• _Task_:
If a line below includes the string "eauto", copy it.

• _Given data_:
# # # # # # #

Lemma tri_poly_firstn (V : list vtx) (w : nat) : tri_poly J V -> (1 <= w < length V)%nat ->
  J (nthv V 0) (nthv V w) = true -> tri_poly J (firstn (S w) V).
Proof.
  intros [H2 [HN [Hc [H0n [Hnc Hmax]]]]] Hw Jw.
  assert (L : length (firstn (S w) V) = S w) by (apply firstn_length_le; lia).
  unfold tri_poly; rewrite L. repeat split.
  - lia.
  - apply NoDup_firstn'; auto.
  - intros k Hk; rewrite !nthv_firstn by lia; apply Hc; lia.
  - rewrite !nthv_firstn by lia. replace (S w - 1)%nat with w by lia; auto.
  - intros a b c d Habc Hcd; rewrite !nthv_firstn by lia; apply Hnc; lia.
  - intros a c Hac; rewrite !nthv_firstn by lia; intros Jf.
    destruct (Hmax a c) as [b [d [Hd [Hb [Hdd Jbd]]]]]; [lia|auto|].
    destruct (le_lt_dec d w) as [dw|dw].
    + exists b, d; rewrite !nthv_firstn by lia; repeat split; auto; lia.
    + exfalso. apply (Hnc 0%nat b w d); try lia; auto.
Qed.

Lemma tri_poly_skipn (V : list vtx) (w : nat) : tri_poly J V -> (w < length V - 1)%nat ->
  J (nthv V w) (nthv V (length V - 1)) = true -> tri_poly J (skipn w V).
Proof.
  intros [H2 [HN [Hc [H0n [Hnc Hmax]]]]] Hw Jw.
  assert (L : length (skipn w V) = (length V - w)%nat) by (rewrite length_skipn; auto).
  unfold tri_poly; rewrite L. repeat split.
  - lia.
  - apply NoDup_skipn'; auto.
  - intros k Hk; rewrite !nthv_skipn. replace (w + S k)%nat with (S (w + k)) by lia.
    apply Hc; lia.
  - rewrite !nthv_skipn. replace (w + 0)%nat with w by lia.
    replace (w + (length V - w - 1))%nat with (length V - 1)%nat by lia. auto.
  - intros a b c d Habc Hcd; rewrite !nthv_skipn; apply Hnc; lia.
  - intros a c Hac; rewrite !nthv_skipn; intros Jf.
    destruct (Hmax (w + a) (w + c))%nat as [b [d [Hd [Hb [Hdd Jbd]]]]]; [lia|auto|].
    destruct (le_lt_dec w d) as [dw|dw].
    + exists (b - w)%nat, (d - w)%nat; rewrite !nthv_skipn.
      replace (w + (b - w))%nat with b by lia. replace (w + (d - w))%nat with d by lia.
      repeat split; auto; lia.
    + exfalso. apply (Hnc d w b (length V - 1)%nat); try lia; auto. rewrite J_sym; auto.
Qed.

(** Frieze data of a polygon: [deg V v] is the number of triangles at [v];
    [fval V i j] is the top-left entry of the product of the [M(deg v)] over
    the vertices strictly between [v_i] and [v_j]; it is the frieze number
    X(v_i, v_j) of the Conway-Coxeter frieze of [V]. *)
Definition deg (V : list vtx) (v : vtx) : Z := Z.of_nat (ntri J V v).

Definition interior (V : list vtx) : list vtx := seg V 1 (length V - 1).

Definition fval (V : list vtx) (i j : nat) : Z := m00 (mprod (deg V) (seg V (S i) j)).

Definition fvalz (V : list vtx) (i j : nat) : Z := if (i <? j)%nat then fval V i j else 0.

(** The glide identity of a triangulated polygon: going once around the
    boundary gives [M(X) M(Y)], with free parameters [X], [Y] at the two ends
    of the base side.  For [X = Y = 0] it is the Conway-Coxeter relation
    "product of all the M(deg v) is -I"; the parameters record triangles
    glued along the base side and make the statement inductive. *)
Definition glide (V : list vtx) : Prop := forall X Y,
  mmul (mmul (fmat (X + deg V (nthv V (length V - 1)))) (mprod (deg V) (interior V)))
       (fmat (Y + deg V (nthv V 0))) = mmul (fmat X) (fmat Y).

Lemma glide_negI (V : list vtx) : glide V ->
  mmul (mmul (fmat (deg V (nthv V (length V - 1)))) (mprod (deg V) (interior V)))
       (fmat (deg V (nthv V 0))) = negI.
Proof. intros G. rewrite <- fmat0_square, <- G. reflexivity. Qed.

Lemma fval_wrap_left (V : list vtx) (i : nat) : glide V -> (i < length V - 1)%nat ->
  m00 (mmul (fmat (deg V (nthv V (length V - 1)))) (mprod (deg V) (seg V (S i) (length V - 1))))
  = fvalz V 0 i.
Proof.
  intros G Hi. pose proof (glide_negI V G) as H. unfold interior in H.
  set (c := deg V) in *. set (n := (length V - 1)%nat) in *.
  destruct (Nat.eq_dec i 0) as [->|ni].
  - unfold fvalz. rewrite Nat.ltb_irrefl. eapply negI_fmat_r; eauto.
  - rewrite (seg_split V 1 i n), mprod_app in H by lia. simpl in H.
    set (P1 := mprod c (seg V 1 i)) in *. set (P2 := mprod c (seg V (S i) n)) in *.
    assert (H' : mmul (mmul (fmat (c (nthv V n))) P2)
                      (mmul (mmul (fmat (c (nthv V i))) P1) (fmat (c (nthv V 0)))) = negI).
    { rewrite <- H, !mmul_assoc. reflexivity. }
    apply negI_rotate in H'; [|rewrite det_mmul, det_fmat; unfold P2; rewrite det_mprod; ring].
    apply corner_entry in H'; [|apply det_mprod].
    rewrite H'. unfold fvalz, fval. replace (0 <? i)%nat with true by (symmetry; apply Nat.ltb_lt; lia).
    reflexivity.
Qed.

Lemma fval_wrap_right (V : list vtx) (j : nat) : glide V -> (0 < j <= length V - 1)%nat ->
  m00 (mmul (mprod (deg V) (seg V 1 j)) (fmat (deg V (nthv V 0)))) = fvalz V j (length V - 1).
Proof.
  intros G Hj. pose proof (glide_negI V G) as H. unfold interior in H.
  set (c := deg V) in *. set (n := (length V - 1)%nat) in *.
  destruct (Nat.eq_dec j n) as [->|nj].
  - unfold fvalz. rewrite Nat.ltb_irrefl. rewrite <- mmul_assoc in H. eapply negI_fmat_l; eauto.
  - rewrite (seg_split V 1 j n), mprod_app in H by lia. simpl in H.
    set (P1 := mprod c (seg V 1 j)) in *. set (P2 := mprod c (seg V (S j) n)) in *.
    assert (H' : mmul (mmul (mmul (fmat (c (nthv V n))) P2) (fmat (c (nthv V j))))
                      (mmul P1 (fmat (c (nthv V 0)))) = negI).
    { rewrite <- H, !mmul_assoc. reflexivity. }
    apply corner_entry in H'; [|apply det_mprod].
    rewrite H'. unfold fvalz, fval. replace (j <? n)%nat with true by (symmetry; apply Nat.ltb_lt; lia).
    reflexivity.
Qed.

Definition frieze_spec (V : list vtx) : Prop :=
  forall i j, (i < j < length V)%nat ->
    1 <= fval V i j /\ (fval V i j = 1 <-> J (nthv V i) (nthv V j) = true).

# # # # # # #

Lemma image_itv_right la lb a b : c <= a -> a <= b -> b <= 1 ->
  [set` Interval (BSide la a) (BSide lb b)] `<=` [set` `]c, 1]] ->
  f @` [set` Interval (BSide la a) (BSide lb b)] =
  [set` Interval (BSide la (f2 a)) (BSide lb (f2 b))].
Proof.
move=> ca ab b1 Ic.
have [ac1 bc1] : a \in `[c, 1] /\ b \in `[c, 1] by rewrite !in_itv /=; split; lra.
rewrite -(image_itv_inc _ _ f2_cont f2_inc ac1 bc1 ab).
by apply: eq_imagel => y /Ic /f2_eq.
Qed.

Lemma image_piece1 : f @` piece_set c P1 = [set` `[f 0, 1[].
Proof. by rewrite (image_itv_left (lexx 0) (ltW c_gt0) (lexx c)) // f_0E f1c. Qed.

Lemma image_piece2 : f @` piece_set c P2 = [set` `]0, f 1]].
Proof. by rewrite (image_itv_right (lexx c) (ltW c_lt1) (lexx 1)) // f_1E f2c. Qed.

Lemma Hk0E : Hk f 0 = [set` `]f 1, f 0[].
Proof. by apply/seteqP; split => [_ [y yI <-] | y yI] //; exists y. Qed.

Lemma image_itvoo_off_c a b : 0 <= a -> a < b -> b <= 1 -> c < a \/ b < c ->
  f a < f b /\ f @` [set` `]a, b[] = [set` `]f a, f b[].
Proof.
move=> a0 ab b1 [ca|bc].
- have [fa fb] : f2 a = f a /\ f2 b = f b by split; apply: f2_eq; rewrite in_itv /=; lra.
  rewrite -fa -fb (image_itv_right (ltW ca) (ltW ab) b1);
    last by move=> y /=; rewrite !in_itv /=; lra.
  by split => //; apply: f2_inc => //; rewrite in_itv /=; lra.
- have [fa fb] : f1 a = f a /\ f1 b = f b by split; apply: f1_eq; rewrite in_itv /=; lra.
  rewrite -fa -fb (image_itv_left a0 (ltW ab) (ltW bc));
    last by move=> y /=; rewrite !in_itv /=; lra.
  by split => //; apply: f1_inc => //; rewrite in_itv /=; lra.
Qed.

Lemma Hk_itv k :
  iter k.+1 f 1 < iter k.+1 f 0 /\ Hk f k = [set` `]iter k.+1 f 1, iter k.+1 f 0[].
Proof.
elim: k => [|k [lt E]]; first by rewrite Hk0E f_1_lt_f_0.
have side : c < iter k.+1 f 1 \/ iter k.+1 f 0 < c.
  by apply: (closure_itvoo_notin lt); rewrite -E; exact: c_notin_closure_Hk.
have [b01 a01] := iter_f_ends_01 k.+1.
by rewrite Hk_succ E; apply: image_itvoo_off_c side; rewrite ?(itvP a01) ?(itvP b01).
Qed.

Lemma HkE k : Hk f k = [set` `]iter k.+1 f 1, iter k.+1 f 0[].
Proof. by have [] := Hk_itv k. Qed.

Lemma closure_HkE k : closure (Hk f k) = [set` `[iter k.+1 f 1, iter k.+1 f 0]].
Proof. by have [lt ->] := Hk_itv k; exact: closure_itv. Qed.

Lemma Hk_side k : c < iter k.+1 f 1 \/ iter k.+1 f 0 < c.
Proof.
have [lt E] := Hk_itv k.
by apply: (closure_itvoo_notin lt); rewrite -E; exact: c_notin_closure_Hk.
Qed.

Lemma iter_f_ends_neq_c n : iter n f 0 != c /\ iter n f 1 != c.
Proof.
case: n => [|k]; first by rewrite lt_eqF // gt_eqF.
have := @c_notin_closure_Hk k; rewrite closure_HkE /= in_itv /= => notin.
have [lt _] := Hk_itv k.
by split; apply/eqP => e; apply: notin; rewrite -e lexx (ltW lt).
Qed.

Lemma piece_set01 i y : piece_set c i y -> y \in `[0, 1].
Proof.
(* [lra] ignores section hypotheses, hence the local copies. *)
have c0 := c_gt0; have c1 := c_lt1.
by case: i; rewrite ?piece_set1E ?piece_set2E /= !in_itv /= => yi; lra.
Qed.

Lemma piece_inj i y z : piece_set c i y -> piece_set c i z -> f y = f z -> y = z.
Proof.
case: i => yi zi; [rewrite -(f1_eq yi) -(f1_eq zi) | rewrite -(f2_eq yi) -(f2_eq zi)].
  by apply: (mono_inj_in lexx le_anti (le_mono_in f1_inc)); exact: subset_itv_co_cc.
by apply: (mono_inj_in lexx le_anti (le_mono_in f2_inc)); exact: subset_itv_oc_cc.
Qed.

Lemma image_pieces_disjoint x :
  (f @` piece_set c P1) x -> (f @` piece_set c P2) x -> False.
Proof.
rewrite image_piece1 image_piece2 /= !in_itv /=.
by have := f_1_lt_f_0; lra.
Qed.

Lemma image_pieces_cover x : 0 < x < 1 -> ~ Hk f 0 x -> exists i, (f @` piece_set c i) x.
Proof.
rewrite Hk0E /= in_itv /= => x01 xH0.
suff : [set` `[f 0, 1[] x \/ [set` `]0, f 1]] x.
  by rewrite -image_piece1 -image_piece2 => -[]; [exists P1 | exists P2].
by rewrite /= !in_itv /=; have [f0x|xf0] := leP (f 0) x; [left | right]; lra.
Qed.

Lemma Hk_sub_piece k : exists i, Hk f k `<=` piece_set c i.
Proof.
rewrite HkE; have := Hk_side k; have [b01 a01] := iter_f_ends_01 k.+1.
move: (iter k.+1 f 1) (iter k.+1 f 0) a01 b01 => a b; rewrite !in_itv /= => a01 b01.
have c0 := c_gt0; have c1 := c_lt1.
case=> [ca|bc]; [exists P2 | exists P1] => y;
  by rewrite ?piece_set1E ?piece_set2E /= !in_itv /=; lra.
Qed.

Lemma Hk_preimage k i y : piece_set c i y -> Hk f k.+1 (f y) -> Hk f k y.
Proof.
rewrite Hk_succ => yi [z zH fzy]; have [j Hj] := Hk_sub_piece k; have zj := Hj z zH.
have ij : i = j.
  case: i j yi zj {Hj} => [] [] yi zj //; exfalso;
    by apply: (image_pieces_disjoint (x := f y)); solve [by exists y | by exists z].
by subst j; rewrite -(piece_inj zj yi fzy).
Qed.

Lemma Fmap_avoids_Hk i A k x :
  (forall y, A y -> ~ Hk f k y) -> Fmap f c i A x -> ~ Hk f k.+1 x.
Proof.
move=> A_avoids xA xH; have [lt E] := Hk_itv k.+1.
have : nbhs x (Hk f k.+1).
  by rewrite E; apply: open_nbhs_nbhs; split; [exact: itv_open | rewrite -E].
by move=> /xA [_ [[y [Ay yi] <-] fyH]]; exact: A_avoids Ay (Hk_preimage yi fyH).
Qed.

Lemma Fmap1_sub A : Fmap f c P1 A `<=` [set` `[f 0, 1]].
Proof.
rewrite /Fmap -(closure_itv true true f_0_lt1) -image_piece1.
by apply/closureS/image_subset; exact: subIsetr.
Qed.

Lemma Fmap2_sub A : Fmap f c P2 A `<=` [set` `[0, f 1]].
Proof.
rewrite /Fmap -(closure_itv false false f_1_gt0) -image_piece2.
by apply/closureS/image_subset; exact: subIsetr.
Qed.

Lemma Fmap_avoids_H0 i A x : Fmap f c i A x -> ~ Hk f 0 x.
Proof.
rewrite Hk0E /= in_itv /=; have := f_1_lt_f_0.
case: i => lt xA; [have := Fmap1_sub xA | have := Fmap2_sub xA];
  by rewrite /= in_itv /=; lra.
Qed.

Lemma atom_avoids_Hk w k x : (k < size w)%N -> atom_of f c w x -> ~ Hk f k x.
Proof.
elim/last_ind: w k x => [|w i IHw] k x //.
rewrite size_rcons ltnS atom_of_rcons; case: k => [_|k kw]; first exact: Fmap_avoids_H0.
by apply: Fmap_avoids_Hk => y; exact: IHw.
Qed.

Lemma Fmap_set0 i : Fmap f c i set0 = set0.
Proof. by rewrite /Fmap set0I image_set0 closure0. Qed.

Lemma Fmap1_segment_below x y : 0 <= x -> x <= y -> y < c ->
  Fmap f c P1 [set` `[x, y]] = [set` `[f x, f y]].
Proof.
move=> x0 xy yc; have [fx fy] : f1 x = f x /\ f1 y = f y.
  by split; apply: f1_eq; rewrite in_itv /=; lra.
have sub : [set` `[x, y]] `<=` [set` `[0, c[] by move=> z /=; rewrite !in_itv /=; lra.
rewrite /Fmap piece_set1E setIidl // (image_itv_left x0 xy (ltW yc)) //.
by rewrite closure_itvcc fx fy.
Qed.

# # # # # # #

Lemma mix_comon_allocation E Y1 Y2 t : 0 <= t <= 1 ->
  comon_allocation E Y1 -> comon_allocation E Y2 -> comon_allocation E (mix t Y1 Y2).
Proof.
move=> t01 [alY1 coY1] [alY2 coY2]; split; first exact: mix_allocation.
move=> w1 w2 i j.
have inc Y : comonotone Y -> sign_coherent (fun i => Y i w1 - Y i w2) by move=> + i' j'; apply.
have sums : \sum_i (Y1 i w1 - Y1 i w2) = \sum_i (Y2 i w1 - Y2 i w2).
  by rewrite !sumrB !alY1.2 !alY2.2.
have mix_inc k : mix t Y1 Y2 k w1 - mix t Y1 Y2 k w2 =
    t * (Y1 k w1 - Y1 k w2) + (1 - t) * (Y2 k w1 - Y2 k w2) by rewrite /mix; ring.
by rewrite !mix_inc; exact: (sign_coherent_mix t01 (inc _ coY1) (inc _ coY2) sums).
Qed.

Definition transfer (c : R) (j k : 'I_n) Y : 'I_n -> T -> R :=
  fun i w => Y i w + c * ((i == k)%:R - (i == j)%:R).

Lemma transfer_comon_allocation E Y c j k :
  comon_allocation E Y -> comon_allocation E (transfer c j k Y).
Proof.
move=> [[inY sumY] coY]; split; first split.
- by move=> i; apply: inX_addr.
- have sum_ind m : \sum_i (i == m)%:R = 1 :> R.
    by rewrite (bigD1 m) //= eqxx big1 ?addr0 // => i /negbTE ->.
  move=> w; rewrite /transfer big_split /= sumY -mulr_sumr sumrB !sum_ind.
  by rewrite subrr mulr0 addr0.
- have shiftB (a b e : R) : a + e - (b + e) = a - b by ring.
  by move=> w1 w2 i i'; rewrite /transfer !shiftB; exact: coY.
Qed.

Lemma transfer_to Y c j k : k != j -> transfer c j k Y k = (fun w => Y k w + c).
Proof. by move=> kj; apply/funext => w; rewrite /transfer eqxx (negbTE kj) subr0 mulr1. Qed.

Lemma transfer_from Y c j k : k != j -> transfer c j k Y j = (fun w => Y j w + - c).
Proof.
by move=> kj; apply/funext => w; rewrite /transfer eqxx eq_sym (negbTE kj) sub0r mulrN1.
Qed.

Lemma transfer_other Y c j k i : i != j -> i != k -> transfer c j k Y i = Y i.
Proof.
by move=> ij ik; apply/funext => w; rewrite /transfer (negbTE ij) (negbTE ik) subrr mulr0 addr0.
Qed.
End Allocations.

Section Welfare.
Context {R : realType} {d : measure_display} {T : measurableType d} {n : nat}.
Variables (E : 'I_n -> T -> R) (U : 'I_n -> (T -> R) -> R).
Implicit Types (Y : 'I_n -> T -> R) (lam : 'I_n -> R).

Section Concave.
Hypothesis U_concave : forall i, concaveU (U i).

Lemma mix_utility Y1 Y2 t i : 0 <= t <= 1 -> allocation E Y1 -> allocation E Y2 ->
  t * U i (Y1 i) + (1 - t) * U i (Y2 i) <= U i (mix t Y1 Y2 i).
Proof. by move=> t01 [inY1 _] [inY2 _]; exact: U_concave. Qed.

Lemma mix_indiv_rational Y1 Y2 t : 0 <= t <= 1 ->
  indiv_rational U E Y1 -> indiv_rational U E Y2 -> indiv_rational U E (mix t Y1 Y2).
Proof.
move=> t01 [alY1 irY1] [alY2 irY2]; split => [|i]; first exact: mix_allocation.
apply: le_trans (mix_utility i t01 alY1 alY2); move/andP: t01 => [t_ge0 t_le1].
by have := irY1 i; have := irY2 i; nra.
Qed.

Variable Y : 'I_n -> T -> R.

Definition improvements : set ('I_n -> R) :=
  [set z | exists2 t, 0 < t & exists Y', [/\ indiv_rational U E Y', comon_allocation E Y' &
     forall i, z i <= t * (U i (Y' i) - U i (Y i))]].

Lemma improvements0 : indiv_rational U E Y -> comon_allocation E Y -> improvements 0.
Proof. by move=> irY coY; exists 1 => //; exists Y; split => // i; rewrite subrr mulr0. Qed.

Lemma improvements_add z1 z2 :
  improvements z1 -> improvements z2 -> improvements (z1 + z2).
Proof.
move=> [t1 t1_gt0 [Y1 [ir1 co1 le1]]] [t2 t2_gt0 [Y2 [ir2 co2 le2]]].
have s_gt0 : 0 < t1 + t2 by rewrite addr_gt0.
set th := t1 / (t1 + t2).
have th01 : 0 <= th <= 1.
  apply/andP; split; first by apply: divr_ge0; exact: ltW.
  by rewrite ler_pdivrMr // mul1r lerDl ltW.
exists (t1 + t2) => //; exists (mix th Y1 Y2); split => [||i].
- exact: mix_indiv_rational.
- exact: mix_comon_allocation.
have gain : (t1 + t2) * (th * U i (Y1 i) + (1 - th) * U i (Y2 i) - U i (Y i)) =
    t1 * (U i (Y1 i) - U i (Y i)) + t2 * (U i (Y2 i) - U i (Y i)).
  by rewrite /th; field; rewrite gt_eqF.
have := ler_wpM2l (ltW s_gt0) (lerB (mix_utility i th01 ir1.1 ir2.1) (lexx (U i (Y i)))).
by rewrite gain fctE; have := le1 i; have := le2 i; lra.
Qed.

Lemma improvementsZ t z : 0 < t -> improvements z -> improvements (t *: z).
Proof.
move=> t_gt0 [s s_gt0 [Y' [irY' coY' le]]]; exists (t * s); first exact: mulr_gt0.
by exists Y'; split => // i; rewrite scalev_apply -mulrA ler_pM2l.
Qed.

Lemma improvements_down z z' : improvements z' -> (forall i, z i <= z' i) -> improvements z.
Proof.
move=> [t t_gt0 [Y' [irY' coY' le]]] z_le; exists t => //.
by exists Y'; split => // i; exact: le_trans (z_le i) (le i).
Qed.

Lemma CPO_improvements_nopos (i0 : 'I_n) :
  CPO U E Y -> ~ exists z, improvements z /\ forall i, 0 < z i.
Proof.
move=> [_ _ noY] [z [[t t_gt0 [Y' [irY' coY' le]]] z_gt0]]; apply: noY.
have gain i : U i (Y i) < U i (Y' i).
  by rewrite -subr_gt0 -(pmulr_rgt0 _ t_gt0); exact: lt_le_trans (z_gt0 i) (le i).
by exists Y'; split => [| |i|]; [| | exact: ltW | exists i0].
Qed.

# # # # # # #

• _Answer section_:
  - unfold fvalz. rewrite Nat.ltb_irrefl. eapply negI_fmat_r; eauto.
  - unfold fvalz. rewrite Nat.ltb_irrefl. rewrite <- mmul_assoc in H. eapply negI_fmat_l; eauto.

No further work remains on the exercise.